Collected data

+-------+

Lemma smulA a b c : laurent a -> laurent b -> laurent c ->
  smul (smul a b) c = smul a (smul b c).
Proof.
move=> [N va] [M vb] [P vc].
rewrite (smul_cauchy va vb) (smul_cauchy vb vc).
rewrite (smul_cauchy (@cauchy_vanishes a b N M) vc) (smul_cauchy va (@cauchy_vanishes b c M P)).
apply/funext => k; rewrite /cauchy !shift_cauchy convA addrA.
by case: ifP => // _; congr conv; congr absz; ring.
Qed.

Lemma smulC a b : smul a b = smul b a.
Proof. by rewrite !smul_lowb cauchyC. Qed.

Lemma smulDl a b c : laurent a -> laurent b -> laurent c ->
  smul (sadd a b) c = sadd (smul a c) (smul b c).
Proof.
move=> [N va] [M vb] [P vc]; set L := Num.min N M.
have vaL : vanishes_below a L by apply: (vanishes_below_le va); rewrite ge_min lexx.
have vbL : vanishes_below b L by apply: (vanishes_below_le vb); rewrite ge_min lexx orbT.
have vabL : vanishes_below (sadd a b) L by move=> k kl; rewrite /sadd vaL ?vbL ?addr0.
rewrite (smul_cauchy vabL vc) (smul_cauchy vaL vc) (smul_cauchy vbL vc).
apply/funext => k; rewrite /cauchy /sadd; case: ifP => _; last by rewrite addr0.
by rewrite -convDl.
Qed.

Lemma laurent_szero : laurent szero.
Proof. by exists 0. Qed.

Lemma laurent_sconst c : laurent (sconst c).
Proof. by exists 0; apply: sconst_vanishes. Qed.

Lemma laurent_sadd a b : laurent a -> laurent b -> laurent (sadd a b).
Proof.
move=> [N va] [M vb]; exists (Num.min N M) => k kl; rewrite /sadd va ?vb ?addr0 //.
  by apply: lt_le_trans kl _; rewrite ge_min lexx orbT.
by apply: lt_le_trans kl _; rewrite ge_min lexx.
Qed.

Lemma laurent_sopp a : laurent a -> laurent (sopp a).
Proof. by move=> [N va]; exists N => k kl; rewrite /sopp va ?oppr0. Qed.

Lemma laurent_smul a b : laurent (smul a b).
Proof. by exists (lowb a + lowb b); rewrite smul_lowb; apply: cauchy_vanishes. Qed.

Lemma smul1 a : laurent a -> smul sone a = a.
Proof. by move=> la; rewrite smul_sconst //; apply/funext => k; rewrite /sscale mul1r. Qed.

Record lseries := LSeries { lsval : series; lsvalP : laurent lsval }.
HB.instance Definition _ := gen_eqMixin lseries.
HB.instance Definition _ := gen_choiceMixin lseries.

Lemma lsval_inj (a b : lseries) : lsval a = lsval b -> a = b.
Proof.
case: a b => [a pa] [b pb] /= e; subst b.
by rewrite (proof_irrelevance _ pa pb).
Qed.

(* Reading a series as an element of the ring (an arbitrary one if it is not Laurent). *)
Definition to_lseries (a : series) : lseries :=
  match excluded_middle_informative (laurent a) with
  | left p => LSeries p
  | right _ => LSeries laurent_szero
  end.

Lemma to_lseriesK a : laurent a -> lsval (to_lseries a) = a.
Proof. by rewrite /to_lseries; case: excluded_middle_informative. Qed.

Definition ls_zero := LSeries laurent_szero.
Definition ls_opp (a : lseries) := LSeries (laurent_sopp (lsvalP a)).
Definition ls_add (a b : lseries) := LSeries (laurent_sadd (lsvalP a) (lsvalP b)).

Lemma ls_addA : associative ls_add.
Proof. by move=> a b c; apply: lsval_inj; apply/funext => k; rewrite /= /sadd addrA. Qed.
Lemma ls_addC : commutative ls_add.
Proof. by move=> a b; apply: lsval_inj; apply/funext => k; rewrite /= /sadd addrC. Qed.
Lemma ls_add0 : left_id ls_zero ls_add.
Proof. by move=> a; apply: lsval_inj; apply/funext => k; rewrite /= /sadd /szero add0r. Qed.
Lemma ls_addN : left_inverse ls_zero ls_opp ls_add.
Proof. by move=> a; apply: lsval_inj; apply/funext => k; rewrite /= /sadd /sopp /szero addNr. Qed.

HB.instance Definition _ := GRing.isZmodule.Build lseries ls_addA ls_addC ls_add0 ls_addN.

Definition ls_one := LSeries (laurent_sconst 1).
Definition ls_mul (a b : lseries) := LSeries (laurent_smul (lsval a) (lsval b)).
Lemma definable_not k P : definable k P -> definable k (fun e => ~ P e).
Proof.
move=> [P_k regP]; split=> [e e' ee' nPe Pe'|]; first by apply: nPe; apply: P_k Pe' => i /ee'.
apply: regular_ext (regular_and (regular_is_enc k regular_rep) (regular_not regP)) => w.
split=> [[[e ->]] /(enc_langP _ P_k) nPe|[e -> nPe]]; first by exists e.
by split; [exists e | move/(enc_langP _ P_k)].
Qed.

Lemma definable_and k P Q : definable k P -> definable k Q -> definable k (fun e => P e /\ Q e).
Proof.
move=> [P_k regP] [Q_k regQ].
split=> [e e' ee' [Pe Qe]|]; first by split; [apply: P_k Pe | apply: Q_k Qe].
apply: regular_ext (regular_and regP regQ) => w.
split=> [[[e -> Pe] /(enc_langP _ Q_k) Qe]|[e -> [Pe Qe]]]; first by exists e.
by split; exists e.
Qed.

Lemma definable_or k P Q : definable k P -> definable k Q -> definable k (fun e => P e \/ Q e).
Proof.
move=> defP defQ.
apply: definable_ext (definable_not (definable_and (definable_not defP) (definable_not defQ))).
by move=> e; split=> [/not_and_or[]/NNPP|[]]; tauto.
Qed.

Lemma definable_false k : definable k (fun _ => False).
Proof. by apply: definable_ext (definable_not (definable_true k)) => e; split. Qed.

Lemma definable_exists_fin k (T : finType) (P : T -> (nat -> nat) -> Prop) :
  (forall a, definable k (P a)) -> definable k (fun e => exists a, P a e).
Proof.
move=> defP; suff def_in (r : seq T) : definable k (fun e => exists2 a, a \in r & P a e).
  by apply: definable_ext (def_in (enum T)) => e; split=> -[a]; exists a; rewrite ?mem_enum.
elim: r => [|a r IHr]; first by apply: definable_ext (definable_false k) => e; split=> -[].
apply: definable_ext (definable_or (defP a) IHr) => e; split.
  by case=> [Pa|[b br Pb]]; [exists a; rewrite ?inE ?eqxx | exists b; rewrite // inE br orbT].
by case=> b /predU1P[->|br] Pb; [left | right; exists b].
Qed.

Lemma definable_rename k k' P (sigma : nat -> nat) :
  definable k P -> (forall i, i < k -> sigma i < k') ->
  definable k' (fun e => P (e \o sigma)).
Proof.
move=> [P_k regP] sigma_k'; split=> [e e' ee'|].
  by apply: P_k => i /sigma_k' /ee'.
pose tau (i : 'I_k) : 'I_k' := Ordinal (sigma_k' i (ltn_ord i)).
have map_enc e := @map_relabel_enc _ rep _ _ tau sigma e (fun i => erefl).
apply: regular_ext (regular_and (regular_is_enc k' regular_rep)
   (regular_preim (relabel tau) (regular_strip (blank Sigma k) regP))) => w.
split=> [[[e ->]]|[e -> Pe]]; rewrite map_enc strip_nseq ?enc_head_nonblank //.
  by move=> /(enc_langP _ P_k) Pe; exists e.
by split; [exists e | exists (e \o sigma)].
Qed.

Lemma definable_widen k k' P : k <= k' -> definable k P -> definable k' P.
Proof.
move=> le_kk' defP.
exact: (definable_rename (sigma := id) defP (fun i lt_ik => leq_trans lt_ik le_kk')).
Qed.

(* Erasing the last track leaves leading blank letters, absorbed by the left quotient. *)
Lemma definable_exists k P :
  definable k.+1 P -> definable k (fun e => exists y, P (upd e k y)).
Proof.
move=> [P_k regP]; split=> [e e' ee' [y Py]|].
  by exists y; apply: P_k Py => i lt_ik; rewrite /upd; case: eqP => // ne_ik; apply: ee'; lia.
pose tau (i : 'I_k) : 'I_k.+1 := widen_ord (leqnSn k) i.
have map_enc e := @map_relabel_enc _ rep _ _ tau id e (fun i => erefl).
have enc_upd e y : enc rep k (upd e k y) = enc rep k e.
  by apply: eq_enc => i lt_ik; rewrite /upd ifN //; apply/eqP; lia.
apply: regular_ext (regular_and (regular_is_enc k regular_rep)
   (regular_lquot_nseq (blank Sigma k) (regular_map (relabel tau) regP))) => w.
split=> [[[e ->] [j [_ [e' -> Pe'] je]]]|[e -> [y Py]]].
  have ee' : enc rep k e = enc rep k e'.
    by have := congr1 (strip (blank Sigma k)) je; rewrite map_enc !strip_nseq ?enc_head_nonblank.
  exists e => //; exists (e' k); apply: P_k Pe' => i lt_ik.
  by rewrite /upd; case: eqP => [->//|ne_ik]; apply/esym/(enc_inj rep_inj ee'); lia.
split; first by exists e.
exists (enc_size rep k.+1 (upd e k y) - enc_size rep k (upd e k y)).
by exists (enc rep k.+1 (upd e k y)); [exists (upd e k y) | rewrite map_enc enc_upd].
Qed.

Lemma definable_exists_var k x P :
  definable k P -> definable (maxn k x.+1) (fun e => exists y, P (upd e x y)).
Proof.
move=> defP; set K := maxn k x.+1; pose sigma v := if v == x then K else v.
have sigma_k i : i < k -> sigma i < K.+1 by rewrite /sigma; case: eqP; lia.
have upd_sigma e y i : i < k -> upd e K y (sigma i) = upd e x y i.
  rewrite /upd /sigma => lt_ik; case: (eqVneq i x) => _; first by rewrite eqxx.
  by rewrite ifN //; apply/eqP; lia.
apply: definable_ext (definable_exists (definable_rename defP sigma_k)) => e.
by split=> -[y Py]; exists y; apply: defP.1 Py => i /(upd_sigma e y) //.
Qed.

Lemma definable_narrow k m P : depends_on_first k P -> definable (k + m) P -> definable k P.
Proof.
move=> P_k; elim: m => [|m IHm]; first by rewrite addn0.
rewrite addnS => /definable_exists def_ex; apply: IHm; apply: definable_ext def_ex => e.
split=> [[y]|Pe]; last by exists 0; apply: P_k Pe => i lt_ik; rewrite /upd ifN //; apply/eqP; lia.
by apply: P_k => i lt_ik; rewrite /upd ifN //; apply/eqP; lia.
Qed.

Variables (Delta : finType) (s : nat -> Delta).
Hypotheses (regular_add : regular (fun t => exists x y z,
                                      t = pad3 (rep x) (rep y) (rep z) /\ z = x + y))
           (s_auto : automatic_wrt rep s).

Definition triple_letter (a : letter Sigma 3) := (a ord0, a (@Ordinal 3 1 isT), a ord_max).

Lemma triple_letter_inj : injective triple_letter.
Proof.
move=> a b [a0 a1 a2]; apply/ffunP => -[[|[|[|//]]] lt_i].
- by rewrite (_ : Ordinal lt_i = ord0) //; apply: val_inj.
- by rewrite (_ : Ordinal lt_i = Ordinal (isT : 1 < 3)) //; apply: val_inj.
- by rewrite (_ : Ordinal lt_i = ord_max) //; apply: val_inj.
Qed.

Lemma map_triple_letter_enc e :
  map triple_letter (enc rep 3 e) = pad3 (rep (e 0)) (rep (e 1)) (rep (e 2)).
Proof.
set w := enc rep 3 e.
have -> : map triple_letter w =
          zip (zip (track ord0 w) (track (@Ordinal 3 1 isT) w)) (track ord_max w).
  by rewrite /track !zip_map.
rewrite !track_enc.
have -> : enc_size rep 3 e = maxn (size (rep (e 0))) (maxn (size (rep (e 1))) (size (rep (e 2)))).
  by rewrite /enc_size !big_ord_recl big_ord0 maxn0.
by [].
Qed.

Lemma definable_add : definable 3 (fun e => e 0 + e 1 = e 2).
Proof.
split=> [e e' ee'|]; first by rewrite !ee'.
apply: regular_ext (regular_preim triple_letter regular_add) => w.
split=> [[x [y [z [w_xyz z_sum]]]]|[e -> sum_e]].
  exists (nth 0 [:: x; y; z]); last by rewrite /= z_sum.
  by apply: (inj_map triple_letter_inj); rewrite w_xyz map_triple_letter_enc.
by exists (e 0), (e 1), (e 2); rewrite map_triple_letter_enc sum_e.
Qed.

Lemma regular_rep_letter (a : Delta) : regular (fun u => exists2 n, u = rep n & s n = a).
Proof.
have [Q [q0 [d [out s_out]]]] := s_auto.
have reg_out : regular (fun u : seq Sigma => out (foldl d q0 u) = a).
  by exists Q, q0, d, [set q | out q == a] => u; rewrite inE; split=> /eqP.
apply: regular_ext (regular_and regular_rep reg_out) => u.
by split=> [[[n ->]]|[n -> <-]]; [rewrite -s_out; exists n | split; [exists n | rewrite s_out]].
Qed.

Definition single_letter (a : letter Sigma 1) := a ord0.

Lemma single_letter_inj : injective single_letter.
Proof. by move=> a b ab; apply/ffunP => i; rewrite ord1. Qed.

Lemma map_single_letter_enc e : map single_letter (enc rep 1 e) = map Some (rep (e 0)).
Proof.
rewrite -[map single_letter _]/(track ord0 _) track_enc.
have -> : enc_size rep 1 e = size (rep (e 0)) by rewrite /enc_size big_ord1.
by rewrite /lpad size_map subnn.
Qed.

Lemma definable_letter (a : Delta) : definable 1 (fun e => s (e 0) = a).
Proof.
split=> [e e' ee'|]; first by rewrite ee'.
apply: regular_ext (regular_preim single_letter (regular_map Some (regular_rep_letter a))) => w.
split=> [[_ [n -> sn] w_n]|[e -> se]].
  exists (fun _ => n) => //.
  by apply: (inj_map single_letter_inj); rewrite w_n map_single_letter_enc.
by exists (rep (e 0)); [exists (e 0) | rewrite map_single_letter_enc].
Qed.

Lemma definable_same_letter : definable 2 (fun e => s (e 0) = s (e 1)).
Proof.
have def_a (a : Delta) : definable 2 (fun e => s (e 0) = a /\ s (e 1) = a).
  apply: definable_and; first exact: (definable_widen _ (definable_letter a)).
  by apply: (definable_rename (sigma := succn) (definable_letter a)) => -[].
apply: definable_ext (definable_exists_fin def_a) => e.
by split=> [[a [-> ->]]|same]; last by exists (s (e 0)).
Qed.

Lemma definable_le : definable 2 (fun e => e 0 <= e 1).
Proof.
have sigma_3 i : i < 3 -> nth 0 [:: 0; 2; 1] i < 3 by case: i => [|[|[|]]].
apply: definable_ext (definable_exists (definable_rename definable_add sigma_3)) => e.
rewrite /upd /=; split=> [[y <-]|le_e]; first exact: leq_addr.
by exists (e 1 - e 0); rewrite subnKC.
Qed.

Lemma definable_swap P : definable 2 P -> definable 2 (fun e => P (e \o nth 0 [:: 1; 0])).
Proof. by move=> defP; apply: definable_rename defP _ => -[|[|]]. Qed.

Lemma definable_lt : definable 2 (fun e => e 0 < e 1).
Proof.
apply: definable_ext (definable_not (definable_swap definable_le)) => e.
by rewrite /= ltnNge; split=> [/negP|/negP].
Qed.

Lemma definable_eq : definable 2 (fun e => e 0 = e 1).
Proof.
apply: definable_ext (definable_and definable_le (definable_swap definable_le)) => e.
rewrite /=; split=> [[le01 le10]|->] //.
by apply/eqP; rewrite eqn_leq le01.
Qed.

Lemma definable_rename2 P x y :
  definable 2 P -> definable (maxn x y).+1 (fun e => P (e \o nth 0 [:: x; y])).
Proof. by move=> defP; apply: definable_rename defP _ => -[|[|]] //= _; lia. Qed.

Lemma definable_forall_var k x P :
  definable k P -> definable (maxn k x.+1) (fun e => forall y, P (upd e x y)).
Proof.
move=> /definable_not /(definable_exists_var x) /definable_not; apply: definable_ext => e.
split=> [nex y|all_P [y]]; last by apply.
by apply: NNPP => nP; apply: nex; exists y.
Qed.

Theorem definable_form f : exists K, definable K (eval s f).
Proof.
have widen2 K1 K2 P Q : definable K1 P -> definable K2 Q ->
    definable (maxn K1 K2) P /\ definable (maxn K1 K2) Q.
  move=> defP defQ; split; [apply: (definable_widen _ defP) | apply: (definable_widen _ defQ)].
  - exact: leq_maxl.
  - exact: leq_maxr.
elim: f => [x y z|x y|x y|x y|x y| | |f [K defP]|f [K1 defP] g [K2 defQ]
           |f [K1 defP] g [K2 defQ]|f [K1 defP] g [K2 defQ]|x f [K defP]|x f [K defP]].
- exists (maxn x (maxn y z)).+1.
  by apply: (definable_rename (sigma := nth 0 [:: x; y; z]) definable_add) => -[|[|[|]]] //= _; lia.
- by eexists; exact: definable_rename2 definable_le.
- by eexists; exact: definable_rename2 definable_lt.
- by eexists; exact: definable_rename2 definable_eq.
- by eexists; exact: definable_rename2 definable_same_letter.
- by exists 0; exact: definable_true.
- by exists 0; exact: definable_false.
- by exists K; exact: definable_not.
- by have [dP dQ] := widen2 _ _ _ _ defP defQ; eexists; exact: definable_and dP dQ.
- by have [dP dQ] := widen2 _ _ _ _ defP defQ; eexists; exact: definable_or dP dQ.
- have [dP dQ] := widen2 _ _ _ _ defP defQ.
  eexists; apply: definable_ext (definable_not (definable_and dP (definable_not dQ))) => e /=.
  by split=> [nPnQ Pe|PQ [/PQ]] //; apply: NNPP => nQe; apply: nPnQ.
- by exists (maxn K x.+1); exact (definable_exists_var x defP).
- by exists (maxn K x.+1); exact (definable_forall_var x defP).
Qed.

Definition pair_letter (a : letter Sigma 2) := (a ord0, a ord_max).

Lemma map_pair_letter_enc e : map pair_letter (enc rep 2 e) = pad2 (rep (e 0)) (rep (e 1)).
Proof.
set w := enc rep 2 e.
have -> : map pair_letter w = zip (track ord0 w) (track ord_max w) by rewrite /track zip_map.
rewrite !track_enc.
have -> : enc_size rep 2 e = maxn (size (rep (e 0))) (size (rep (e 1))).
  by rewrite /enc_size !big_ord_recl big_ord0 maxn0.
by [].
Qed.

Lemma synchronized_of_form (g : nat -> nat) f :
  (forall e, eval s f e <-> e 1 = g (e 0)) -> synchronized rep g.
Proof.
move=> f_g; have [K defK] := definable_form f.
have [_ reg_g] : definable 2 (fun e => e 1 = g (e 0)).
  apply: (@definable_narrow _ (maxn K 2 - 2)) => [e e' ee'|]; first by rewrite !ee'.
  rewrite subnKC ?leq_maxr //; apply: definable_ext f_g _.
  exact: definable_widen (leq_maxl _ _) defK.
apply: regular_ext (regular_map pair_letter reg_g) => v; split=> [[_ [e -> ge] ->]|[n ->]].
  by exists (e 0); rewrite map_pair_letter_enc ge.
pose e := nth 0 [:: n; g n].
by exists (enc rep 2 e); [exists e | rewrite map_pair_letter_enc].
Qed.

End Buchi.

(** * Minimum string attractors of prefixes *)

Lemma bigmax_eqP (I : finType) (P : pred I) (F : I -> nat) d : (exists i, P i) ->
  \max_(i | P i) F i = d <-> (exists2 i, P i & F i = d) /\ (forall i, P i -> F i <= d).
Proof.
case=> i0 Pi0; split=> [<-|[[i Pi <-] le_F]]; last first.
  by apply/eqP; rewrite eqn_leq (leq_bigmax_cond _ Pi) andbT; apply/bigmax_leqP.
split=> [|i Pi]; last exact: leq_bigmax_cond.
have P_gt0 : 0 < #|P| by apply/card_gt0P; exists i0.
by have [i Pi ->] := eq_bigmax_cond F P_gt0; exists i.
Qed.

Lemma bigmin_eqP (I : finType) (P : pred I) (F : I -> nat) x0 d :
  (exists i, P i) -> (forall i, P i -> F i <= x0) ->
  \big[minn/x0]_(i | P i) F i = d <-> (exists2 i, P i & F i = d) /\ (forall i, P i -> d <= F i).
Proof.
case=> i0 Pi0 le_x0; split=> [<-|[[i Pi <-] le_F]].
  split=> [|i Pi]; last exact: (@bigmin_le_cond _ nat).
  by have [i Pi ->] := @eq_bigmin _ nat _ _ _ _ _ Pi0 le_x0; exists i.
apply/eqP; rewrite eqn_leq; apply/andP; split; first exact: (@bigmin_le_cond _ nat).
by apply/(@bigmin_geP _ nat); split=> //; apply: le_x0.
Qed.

+-------+

Your objective. Beginning with the line that contains "split=> [|i Pi]; last exact: (@bigmin_le_cond", repeat every line through the end of the records and nothing more.

Response to the task.
  split=> [|i Pi]; last exact: (@bigmin_le_cond _ nat).
  by have [i Pi ->] := @eq_bigmin _ nat _ _ _ _ _ Pi0 le_x0; exists i.
apply/eqP; rewrite eqn_leq; apply/andP; split; first exact: (@bigmin_le_cond _ nat).
by apply/(@bigmin_geP _ nat); split=> //; apply: le_x0.
Qed.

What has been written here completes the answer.